Have some flowers delivered to her work. Women love that.


----------



## Hicks (Jan 14, 2011)

chillymorn said:


> so my question is would this be acceptable or should I have tried to get her something.


It's very important that you make your wife feel loved and special. This may not mean a gift, but certainly takes effort on your part.


----------



## Enchantment (May 11, 2011)

Hicks said:


> It's very important that you make your wife feel loved and special. This may not mean a gift, but certainly takes effort on your part.


:iagree:

And her birthday isn't over yet, so you still have time to figure out what you could do! For me, I like anything that looks like he put some effort in to it - like one time he made his own silly card, propped it on my pillow and surrounded it with Hershey's kisses, then he and the kids brought home a cake and silly party hats and took over making dinner. That was better than any material thing (like jewelry) that he could have given me, because it showed he had been thinking of me.


----------



## DrWife (May 20, 2011)

chillymorn said:


> today is my wifes b-day.
> 
> this morn after my shower I gave her a big hug and kiss and then gave her a hundred dollar bill. I told her that I was sorry for not putting more effort into getting her something thoughtfull for her b-day.She said cash is always good and seemed happy and excited to get her nails done and then spend the rest on something she wants.
> 
> ...


IDK if it's just me but I think men are generally terrible at picking gifts. I would way rather have a hundred dollar bill to do my own thing with than getting some flowers or chocolate from my H. But I can only speak for my own personal preferences.


----------



## chillymorn (Aug 11, 2010)

DrWife said:


> IDK if it's just me but I think men are generally terrible at picking gifts. I would way rather have a hundred dollar bill to do my own thing with than getting some flowers or chocolate from my H. But I can only speak for my own personal preferences.

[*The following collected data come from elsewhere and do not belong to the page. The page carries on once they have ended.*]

Theorem theorem4 (Sigma : Type) (O : Type) (d : O -> O -> R)
  (d_refl : forall x, d x x = 0)
  (d_sym : forall x y, d x y = d y x)
  (d_tri : forall x y z, d x z <= d x y + d y z) :
  (* H = V ∘ K lands in the full subcategory of synchronization trees *)
  (forall S : HSys Sigma O, is_tree (H S)) /\
  (* H has a left adjoint G, given by universal arrows eta_T : T -> H (G T) *)
  exists (Gobj : TSys Sigma O -> HSys Sigma O)
         (eta : forall T : TSys Sigma O, is_tree T -> TSmor d T (H (Gobj T))),
    (* universal property *)
    (forall (T : TSys Sigma O) (hT : is_tree T) (S : HSys Sigma O) (g : TSmor d T (H S)),
        exists h : HSmor d (Gobj T) S,
          (forall x, hmap h (proj1_sig (tf (eta T hT) x)) = proj1_sig (tf g x)) /\
          (forall h' : HSmor d (Gobj T) S,
              (forall x, hmap h' (proj1_sig (tf (eta T hT) x)) = proj1_sig (tf g x)) ->
              hs_eq h h')) /\
    (* the unit is a natural isomorphism (coreflection) *)
    (forall (T : TSys Sigma O) (hT : is_tree T),
        exists k : TSmor d (H (Gobj T)) T,
          (forall x, tf k (tf (eta T hT) x) = x) /\
          (forall y, proj1_sig (tf (eta T hT) (tf k y)) = proj1_sig y)) /\
    (* the unit is 0-bounded *)
    (forall (T : TSys Sigma O) (hT : is_tree T), ts_zero_bounded (eta T hT)) /\
    (* the counit eps_S : G (H S) -> S, i.e. the morphism with H eps_S ∘ eta_{H S} = id,
       is 0-bounded *)
    (forall (S : HSys Sigma O) (hT : is_tree (H S)) (e : HSmor d (Gobj (H S)) S),
        (forall x, hmap e (proj1_sig (tf (eta (H S) hT) x)) = proj1_sig x) ->
        hs_zero_bounded e).
Proof.
  split; [intros S; apply V_is_tree|].
  exists free_hs, (eta d d_refl).
  split; [|split; [|split]].
  - intros T hT S g. exists (transpose g).
    split; [apply transpose_factor|apply transpose_unique].
  - intros T hT. exists (eta_inv d d_refl T).
    split; [apply eta_inv_eta|apply eta_eta_inv].
  - intros T hT. exact (eta_fun_zero_bounded d d_refl T hT).
  - apply counit_zero_bounded.
Qed.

Thats the impression I got from her excited reaction.

I'll ask her tonight when I'm giving her a birthday massage/ foot rub. and anything else she might like to enjoy.

I still might stop and get her a birthday cake to have after dinner tonight. 

thanks for all the feed back.


----------



## nader (May 4, 2011)

> DK if it's just me but I think men are generally terrible at picking gifts.


It's just you. I have been knocking it out of the park lately, with her last birthday and Mother's Day. The hardest thing for me is figuring out how to top myself.


----------



## Waiting4RightTyme (May 12, 2011)

I'd have loved getting the money, too ... that way I could buy what I need/want rather than him spending money on something I didn't really need. Getting her a cake and giving her a massage are great thought gifts, too.


----------



## Mom6547 (Jul 13, 2010)

chillymorn said:


> today is my wifes b-day.
> 
> this morn after my shower I gave her a big hug and kiss and then gave her a hundred dollar bill. I told her that I was sorry for not putting more effort into getting her something thoughtfull for her b-day.She said cash is always good and seemed happy and excited to get her nails done and then spend the rest on something she wants.
> 
> ...


It disappoints me that my husband regularly does this. For ME it is in the get over it department since things are good, I don't let it add to any bad feelings basket.

But honest to god, you want my opinion? Gimme a break. Didn't have time is an excuse. Hello? 1800flowers? Amazon.com? 

On those occasions that I have received nothign for Christmas with a "didn't have time" I ask ... could it be that you waited until Christmas Eve, when you were expected to dinner at your parent's house, that you even began to think of it?



> I coach my 2 boys baseball teams and boy and cub scouts.
> plus I had 2 vehicals go down and spent 2 vacation day fixing cars last week. ( starting to get to old to crawl under cars and turn wrenches) but it dose save me quite a bit of money.
> 
> so my question is would this be acceptable or should I have tried to get her something.
> ...


You shouldn't have tried. You should have gotten her something. If you had handed me a hundred dollar bill, I'd have handed back. What good is it to give me money that is half mine anyway?


----------



## chillymorn (Aug 11, 2010)

Mom6547 said:


> It disappoints me that my husband regularly does this. For ME it is in the get over it department since things are good, I don't let it add to any bad feelings basket.
> 
> But honest to god, you want my opinion? Gimme a break. Didn't have time is an excuse. Hello? 1800flowers? Amazon.com?
> 
> ...


You are 100% correct !!!!!!

thanks for the honest wake up call.


on a side note I guess I feel some resentment that my needs are not being met so I don't feel like putting forth the effort.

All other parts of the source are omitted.